### [What is needed]
Starting with the line that contains "From mathcomp Require Import reals", reproduce each line through the end of the listing below, with no other output.

### [Exercise material]
(* Assume the setting below, but suppose only that $Y_i(0)\le 0$ for all $i=1,\dots,N$ (rather than $Y_i(0)=0$). Then the following conclusions remain true. (i) For every $1\le k\le N$ and $c\in\mathbb{R}$, $p^{\mathrm H}_{k,c}=G_{\mathrm H}(n(c);N,N-k,N_1)$ satisfies $\Pr(p^{\mathrm H}_{k,c}\le\alpha)\le\alpha$ for all $\alpha\in(0,1)$ whenever $\tau_{(k)}\le c$. (ii) $p^{\mathrm H}_{k,c}$ is non-decreasing in $c$ and non-increasing in $k$. The set $\{c: p^{\mathrm H}_{k,c}>\alpha\}$ equals $[y_{(k(\alpha))},\infty)$, where $k(\alpha)=N_1-Q_{\mathrm H}(1-\alpha;N,N-k,N_1)$, and $\Pr(\tau_{(k)}\ge y_{(k(\alpha))})\ge1-\alpha$. The set $\{N-k:p^{\mathrm H}_{k,c}>\alpha,\ 0\le k\le N\}=\{n_{c,\alpha},\dots,N\}$, where $n_{c,\alpha}=N-\max\{k:G_{\mathrm H}(n(c);N,N-k,N_1)>\alpha,\ 0\le k\le N\}$, and this set contains $N(c)$ with probability at least $1-\alpha$. (iii) For $1\le k_1\le\dots\le k_J\le N$ and $k_j(\alpha)=N_1-Q_{\mathrm H}(1-\alpha;N,N-k_j,N_1)$, $$\Pr\Big(\bigcap_{j=1}^J\{\tau_{(k_j)}\ge y_{(k_j(\alpha))}\}\Big)\ge 1-\Pr\Big(\bigcup_{j=1}^J\Big\{\sum_{i=1}^N Z_i\mathbb{1}(i>k_j)>Q_{\mathrm H}(1-\alpha;N,N-k_j,N_1)\Big\}\Big).$$
   Context: Setting: - There are $N$ units with fixed potential outcomes $Y_i(1),Y_i(0)$ and ITE $\tau_i=Y_i(1)-Y_i(0)$. - The sorted ITEs are $\tau_{(1)}\le\dots\le\tau_{(N)}$. - CRE: the assignment vector $Z\in\{0,1\}^N$ is uniformly distributed over vectors with exactly $N_1$ ones, where $1\le N_1<N$. - The observed outcome is $Y_i=Z_iY_i(1)+(1-Z_i)Y_i(0)$. - $N(c)=\sum_i\mathbb{1}(\tau_i>c)$ and $n(c)=\sum_iZ_i\mathbb{1}(Y_i>c)$. - $G_{\mathrm H}(x;N,n,N_1)=\Pr(X\ge x)$ and $Q_{\mathrm H}(\theta;N,n,N_1)=\inf\{x:\Pr(X\le x)\ge\theta\}$, for $X$ Hypergeometric with parameters $(N,n,N_1)$ (population size $N$, $n$ marked items, sample size $N_1$). - $y_{(1)}\le\dots\le y_{(N_1)}$ are the sorted observed outcomes of the treated units, with $y_{(0)}=-\infty$. *)

From HB Require Import structures.
From mathcomp Require Import all_boot all_order all_algebra.
From mathcomp Require Import reals constructive_ereal.
Set Implicit Arguments. Unset Strict Implicit. Unset Printing Implicit Defensive.
Import Order.TTheory GRing.Theory Num.Theory.
Local Open Scope ring_scope.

### [Response for this exercise]
From mathcomp Require Import reals constructive_ereal.
Set Implicit Arguments. Unset Strict Implicit. Unset Printing Implicit Defensive.
Import Order.TTheory GRing.Theory Num.Theory.
Local Open Scope ring_scope.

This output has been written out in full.